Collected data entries
● ● ● ●
(* Let $n \geq 1$. If $\Psi : \mathbf{R}^n \to \mathbf{R}^n$ is a primitive linear map (with respect to the Lorentz cone $\mathcal{L}_n$), then $\gamma(\Psi) \leq n$. Moreover, there exists a primitive linear map $\Psi : \mathbf{R}^n \to \mathbf{R}^n$ such that $\gamma(\Psi) = n$.
   Context: The $n$-dimensional Lorentz cone is $\mathcal{L}_n = \{(x_1,\dots,x_n) \in \mathbf{R}^n : x_n \geq (x_1^2+\dots+x_{n-1}^2)^{1/2}\}$, with interior $\mathrm{int}(\mathcal{L}_n)$. A linear map $\Psi : \mathbf{R}^n \to \mathbf{R}^n$ is positive if $\Psi(\mathcal{L}_n) \subset \mathcal{L}_n$, strictly positive if $\Psi(\mathcal{L}_n \setminus \{0\}) \subset \mathrm{int}(\mathcal{L}_n)$, and primitive if it is positive and there exists an integer $k \geq 1$ such that $\Psi^k$ is strictly positive. For primitive $\Psi$, $\gamma(\Psi)$ (the primitivity index) is the smallest such $k$. *)

From HB Require Import structures.
From mathcomp Require Import all_boot all_order all_algebra.
From mathcomp Require Import all_classical all_reals all_analysis.
Set Implicit Arguments. Unset Strict Implicit. Unset Printing Implicit Defensive.
Import Order.TTheory GRing.Theory Num.Theory.
Import numFieldNormedType.Exports.
Local Open Scope classical_set_scope.
Local Open Scope ring_scope.

(* R^n is represented by column vectors 'cV[R]_n; coordinate x_{i+1} is x i 0.
   The last coordinate x_n is the one with index n.-1. *)

Definition lorentz (R : realType) (n : nat) : set 'cV[R]_n :=
  [set x | forall i : 'I_n, val i = n.-1 ->
     Num.sqrt (\sum_(j < n | val j != n.-1) (x j 0) ^+ 2) <= x i 0].

Definition positive_map (R : realType) (n : nat) (A : 'M[R]_n) : Prop :=
  forall x, @lorentz R n x -> @lorentz R n (A *m x).

Definition strictly_positive_map (R : realType) (n : nat) (A : 'M[R]_n) : Prop :=
  forall x, @lorentz R n x -> x != 0 -> (interior (@lorentz R n)) (A *m x).

Definition primitive_map (R : realType) (n : nat) (A : 'M[R]_n) : Prop :=
  positive_map A /\ exists k : nat, (1 <= k)%N /\ strictly_positive_map (A ^+ k).

Definition is_primitivity_index (R : realType) (n : nat) (A : 'M[R]_n) (k : nat) : Prop :=
  [/\ (1 <= k)%N, strictly_positive_map (A ^+ k) &
      forall j : nat, (1 <= j)%N -> (j < k)%N -> ~ strictly_positive_map (A ^+ j)].

From HB Require Import structures.
From mathcomp Require Import all_boot all_order all_algebra.
From mathcomp Require Import all_classical all_reals all_analysis.
From mathcomp Require Import ring lra zify.
Set Implicit Arguments. Unset Strict Implicit. Unset Printing Implicit Defensive.
Import Order.TTheory GRing.Theory Num.Theory.
Import numFieldNormedType.Exports.
Local Open Scope classical_set_scope.
Local Open Scope ring_scope.

(* Write t(x) for the last coordinate of x and q(x) = t(x)^2 - (x_1^2 + ... +
   x_{n-1}^2) for the Lorentz quadratic form, with polar form b; then
   L_n = {t >= 0, q >= 0} and its interior is {t > 0, q > 0}.
   Let A be primitive with A^k strictly positive, and let x in L_n \ 0 be such
   that x_n = A^n x lies on the boundary.  A primitive map sends interior points
   to interior points: otherwise b(Ay, A.) would vanish identically, although
   b(Ay, A^k (Ay)) > 0.  Hence x_j = A^j x is isotropic for every j <= n.  If y
   and Ay are isotropic, positivity of A forces b(Ay, Az) = mu b(y, z) for all
   z; along the orbit the factor mu does not depend on j, because
   b(x_j, x_{j+1}) = 0 would make x_j an isotropic eigenvector.  The vectors y
   with b(Ay, A.) = mu b(y, .) form a subspace, which contains x_0, ..., x_{n-1}
   and therefore, by Cayley-Hamilton, every x_j.  Thus q(x_{j+1}) = mu q(x_j),
   every x_j is isotropic, and A^k x cannot be interior.
   The bound is attained by a map that acts on x_2, ..., x_{n-1} as a shift
   register fed by t - x_1, so that the isotropic vector e_1 + e_n needs n
   steps to enter the interior. *)

Section RealFieldFacts.
Variable R : realFieldType.

Lemma affine_gt0_near0 (a b : R) : 0 < a ->
  exists2 d, 0 < d & forall s, `|s| <= d -> 0 < a + s * b.
Proof.
move=> a_gt0; have nb_gt0 : 0 < `|b| + 1 by rewrite ltr_wpDl.
exists (a / (`|b| + 1)) => [|s s_le]; first by rewrite divr_gt0.
have : `|s * b| < a.
  rewrite normrM; apply: le_lt_trans (ler_wpM2r (normr_ge0 b) s_le) _.
  by rewrite mulrAC ltr_pdivrMr // ltr_pM2l // ltrDl.
by case/ltr_normlP; lra.
Qed.

Lemma quad_nonneg_right (a c d : R) : 0 < d ->
  (forall s, 0 < s -> s <= d -> 0 <= s * a + s ^+ 2 * c) -> 0 <= a.
Proof.
move=> d_gt0 h; rewrite leNgt; apply/negP => a_lt0.
have na_gt0 : 0 < - a by rewrite oppr_gt0.
have [e e_gt0 he] := affine_gt0_near0 (- c) na_gt0.
pose s := Num.min d e.
have s_gt0 : 0 < s by rewrite lt_min d_gt0.
have s_le : s <= d by rewrite ge_min lexx.
have := h s s_gt0 s_le.
have := he s; rewrite gtr0_norm // ge_min lexx orbT => /(_ isT).
nra.
Qed.

Lemma quad_nonneg_near0 (a c d : R) : 0 < d ->
  (forall s, `|s| <= d -> 0 <= s * a + s ^+ 2 * c) -> a = 0.
Proof.
move=> d_gt0 h; apply/eqP; rewrite eq_le; apply/andP; split.
  rewrite -oppr_ge0; apply: (quad_nonneg_right (c := c) d_gt0) => s s_gt0 s_le.
  by have := h (- s); rewrite normrN gtr0_norm // sqrrN mulNr mulrN; apply.
by apply: (quad_nonneg_right d_gt0) => s s_gt0 s_le; apply: h; rewrite gtr0_norm.
Qed.

Lemma proportional_of_nonneg_on_halfspace (V : lmodType R) (phi psi : V -> R) e :
  linear_for *%R phi -> linear_for *%R psi -> 0 < psi e ->
  (forall z, 0 < psi z -> 0 <= phi z) -> forall z, phi z = phi e / psi e * psi z.
Proof.
move=> phi_lin psi_lin psi_e phi_ge0 z.
pose c := psi z / psi e; pose w := z - c *: e.
have z_eq : z = c *: e + w by rewrite addrC subrK.
have psi_w : psi w = 0.
  by have := psi_lin c e w; rewrite -z_eq divfK ?gt_eqF //; lra.
have phi_w : phi w = 0.
  apply/eqP/negP => /negP phi_w_neq0.
  have := phi_ge0 (- (`|phi e| + 1) / phi w *: w + e).
  rewrite phi_lin psi_lin psi_w mulr0 add0r divfK // => /(_ psi_e).
  by have := ler_norm (phi e); lra.
by rewrite {1}z_eq phi_lin phi_w addr0 /c; ring.
Qed.

End RealFieldFacts.

Section MatrixPowers.
Variables (R : comNzRingType) (m : nat) (A : 'M[R]_m.+1).

Lemma mulmx_exprS j (y : 'cV[R]_m.+1) : A ^+ j.+1 *m y = A *m (A ^+ j *m y).
Proof. by rewrite exprS -mulmxE mulmxA. Qed.

Lemma mulmx_exprSr j (y : 'cV[R]_m.+1) : A ^+ j.+1 *m y = A ^+ j *m (A *m y).
Proof. by rewrite exprSr -mulmxE mulmxA. Qed.

Lemma mulmx_expr_eigen j (y : 'cV[R]_m.+1) c :
  A *m y = c *: y -> A ^+ j *m y = c ^+ j *: y.
Proof.
move=> Ay; elim: j => [|j IH]; first by rewrite expr0 mul1mx scale1r.
by rewrite mulmx_exprS IH -scalemxAr Ay scalerA exprSr.
Qed.

End MatrixPowers.

Section OrbitSpan.
Variables (F : fieldType) (m : nat) (A : 'M[F]_m.+1).

Lemma expr_char_poly_mod j :
  A ^+ j = \sum_(i < m.+1) ('X^j %% char_poly A)`_i *: A ^+ i.
Proof.
set r := 'X^j %% char_poly A.
have size_r : (size r <= m.+1)%N.
  by rewrite -ltnS -(size_char_poly A) ltn_modp -size_poly_eq0 size_char_poly.
have r_poly : r = \poly_(i < m.+1) r`_i.
  apply/polyP => i; rewrite coef_poly; case: ltnP => // i_ge.
  by rewrite nth_default // (leq_trans size_r).
have -> : A ^+ j = horner_mx A 'X^j by rewrite rmorphXn /= horner_mx_X.
rewrite {1}(divp_eq 'X^j (char_poly A)) -/r.
rewrite rmorphD rmorphM /= Cayley_Hamilton mulr0 add0r {1}r_poly poly_def.
rewrite raddf_sum /=; apply: eq_bigr => i _.
by rewrite horner_mxZ rmorphXn /= horner_mx_X.
Qed.

Lemma orbit_in_subspace (P : 'cV[F]_m.+1 -> Prop) (x : 'cV[F]_m.+1) :
  P 0 -> (forall a u v, P u -> P v -> P (a *: u + v)) ->
  (forall i, (i < m.+1)%N -> P (A ^+ i *m x)) -> forall j, P (A ^+ j *m x).
Proof.
move=> P0 P_lin P_orbit j; rewrite expr_char_poly_mod mulmx_suml.
apply: (big_ind P P0) => [u v Pu Pv|i _]; first by rewrite -[u]scale1r; apply: P_lin.
by rewrite -scalemxAl -[_ *: _]addr0; apply: P_lin => //; apply: P_orbit.
Qed.

End OrbitSpan.

Section LorentzForm.
Variables (R : realType) (m : nat).
Local Notation V := 'cV[R]_m.+1.
Local Notation L := (@lorentz R m.+1).

Definition lastc (z : V) : R := z ord_max 0.

Definition e_last : V := delta_mx ord_max 0.

Definition lform (y z : V) : R :=
  \sum_i (if i == ord_max then 1 else -1) * (y i 0 * z i 0).

Definition lquad (z : V) : R := lform z z.

Definition spatial_sq (z : V) : R := \sum_(j < m.+1 | val j != m) z j 0 ^+ 2.

Lemma lastcD y z : lastc (y + z) = lastc y + lastc z.
Proof. by rewrite /lastc mxE. Qed.

Lemma lastcZ a z : lastc (a *: z) = a * lastc z.
Proof. by rewrite /lastc mxE. Qed.

Lemma lastc_e_last : lastc e_last = 1.
Proof. by rewrite /lastc mxE !eqxx. Qed.

Lemma lformC y z : lform y z = lform z y.
Proof. by apply: eq_bigr => i _; rewrite [y i 0 * _]mulrC. Qed.

Lemma lformDr y z w : lform y (z + w) = lform y z + lform y w.
Proof. by rewrite /lform -big_split; apply: eq_bigr => i _; rewrite !mxE !mulrDr. Qed.

Lemma lformZr y a z : lform y (a *: z) = a * lform y z.
Proof. by rewrite /lform mulr_sumr; apply: eq_bigr => i _; rewrite !mxE; ring. Qed.

Lemma lformDl y z w : lform (z + w) y = lform z y + lform w y.
Proof. by rewrite lformC lformDr !(lformC y). Qed.

Lemma lformZl y a z : lform (a *: z) y = a * lform z y.
Proof. by rewrite lformC lformZr lformC. Qed.

Lemma lform0l y : lform 0 y = 0.
Proof. by rewrite -(scale0r 0) lformZl mul0r. Qed.

Lemma lform_linear y : linear_for *%R (lform y).
Proof. by move=> a u v; rewrite lformDr lformZr. Qed.

Lemma lform_e_last y : lform y e_last = lastc y.
Proof.
rewrite /lform (bigD1 ord_max) //= big1 ?addr0 => [|i /negbTE i_neq].
  by rewrite eqxx mul1r mxE !eqxx mulr1.
by rewrite mxE i_neq !mulr0.
Qed.

Lemma lquad_e_last : lquad e_last = 1.
Proof. by rewrite /lquad lform_e_last lastc_e_last. Qed.

Lemma lquadZ a z : lquad (a *: z) = a ^+ 2 * lquad z.
Proof. by rewrite /lquad lformZl lformZr mulrA -expr2. Qed.

Lemma lquadDZ y s z :
  lquad (y + s *: z) = lquad y + s * (2 * lform y z) + s ^+ 2 * lquad z.
Proof. by rewrite /lquad !lformDl !lformDr !lformZl !lformZr (lformC z y); ring. Qed.

Lemma lquad_lincomb a b v w :
  lquad (a *: v + b *: w) = a ^+ 2 * lquad v + 2 * a * b * lform v w + b ^+ 2 * lquad w.
Proof. by rewrite lquadDZ lquadZ lformZl; ring. Qed.

Lemma lquadE z : lquad z = lastc z ^+ 2 - spatial_sq z.
Proof.
rewrite /lquad /lform (bigD1 ord_max) //= eqxx mul1r -expr2 -sumrN.
congr (_ + _); apply: eq_big => [i|i]; first by rewrite -val_eqE.
by move/negbTE => ->; rewrite mulN1r expr2.
Qed.

Lemma spatial_sq_ge0 z : 0 <= spatial_sq z.
Proof. by apply: sumr_ge0 => i _; apply: sqr_ge0. Qed.

Lemma lorentzE z : L z <-> 0 <= lastc z /\ 0 <= lquad z.
Proof.
rewrite lquadE subr_ge0; split=> [/(_ ord_max erefl) z_L | [t_ge0 q_ge0] i /= i_max].
  have t_ge0 : 0 <= lastc z by apply: le_trans z_L; apply: sqrtr_ge0.
  split=> //; rewrite -(sqr_sqrtr (spatial_sq_ge0 z)).
  by rewrite ler_sqr // ?nnegrE ?sqrtr_ge0.
have -> : i = ord_max by apply: val_inj.
change (Num.sqrt (spatial_sq z) <= lastc z).
by rewrite -(ger0_norm t_ge0) -sqrtr_sqr ler_sqrt ?sqr_ge0.
Qed.

Lemma lquad_le0 z : lastc z = 0 -> lquad z <= 0.
Proof. by move=> t0; rewrite lquadE t0 expr0n /= sub0r oppr_le0 spatial_sq_ge0. Qed.

Lemma lorentz_eq0 z : lastc z = 0 -> 0 <= lquad z -> z = 0.
Proof.
move=> t0; rewrite lquadE t0 expr0n /= sub0r oppr_ge0 => s_le0.
have /psumr_eq0P z_eq0 : spatial_sq z = 0 by apply/eqP; rewrite eq_le s_le0 spatial_sq_ge0.
apply/matrixP => i j; rewrite ord1 mxE.
have [i_max|i_neq] := eqVneq (val i) m.
  by have -> : i = ord_max by apply: val_inj.
by apply/eqP; rewrite -sqrf_eq0; apply/eqP/z_eq0 => // l _; apply: sqr_ge0.
Qed.

Lemma lastc_gt0 z : L z -> z != 0 -> 0 < lastc z.
Proof.
move=> /lorentzE [t_ge0 q_ge0] z_neq0; rewrite lt_neqAle t_ge0 andbT.
by apply: contra_neq z_neq0 => /esym t0; apply: lorentz_eq0.
Qed.

Lemma lorentz_line y z : interior L y ->
  exists2 d, 0 < d & forall s, `|s| <= d -> L (y + s *: z).
Proof.
move=> y_int.
have line_cvg : (fun s : R => y + s *: z) @ nbhs (0 : R) --> y.
  rewrite -[X in _ --> X]addr0 -(scale0r z).
  by apply: cvgD; [exact: cvg_cst | apply: cvgZr_tmp; exact: cvg_id].
have /nbhs_ballP [d /= d_gt0 hd] := line_cvg _ y_int.
exists (d / 2) => [|s s_le]; first by rewrite divr_gt0.
apply: hd; rewrite -ball_normE /= sub0r normrN (le_lt_trans s_le) //.
by rewrite ltr_pdivrMr // ltr_pMr // ltr1n.
Qed.

Lemma interior_lorentzE z : interior L z <-> 0 < lastc z /\ 0 < lquad z.
Proof.
split=> [z_int | [t_gt0 q_gt0]].
  have [d d_gt0 hd] := lorentz_line e_last z_int.
  have /lorentzE := hd (- d) (ltac:(by rewrite normrN gtr0_norm)).
  rewrite lquadDZ lastcD lastcZ lastc_e_last lform_e_last lquad_e_last sqrrN.
  by move=> [t_ge q_ge]; split; nra.
have lastc_cvg : lastc y @[y --> z] --> lastc z by apply: coord_continuous.
have lquad_cvg : lquad y @[y --> z] --> lquad z.
  rewrite /lquad /lform; apply: (cvg_big add_continuous (F := nbhs z)) => i _.
  by apply: cvgMl_tmp; apply: cvgM; apply: coord_continuous.
rewrite /interior /=; near=> y; apply/lorentzE; split; apply: ltW; near: y.
  exact: cvgr_gt lastc_cvg _ t_gt0.
exact: cvgr_gt lquad_cvg _ q_gt0.
Unshelve. all: by end_near.
Qed.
● ● ● ●
## TASK OBJECTIVE:
Above are records; count the lines among them that include the word "lquadDZ", and give only the number.

## ANSWER:
3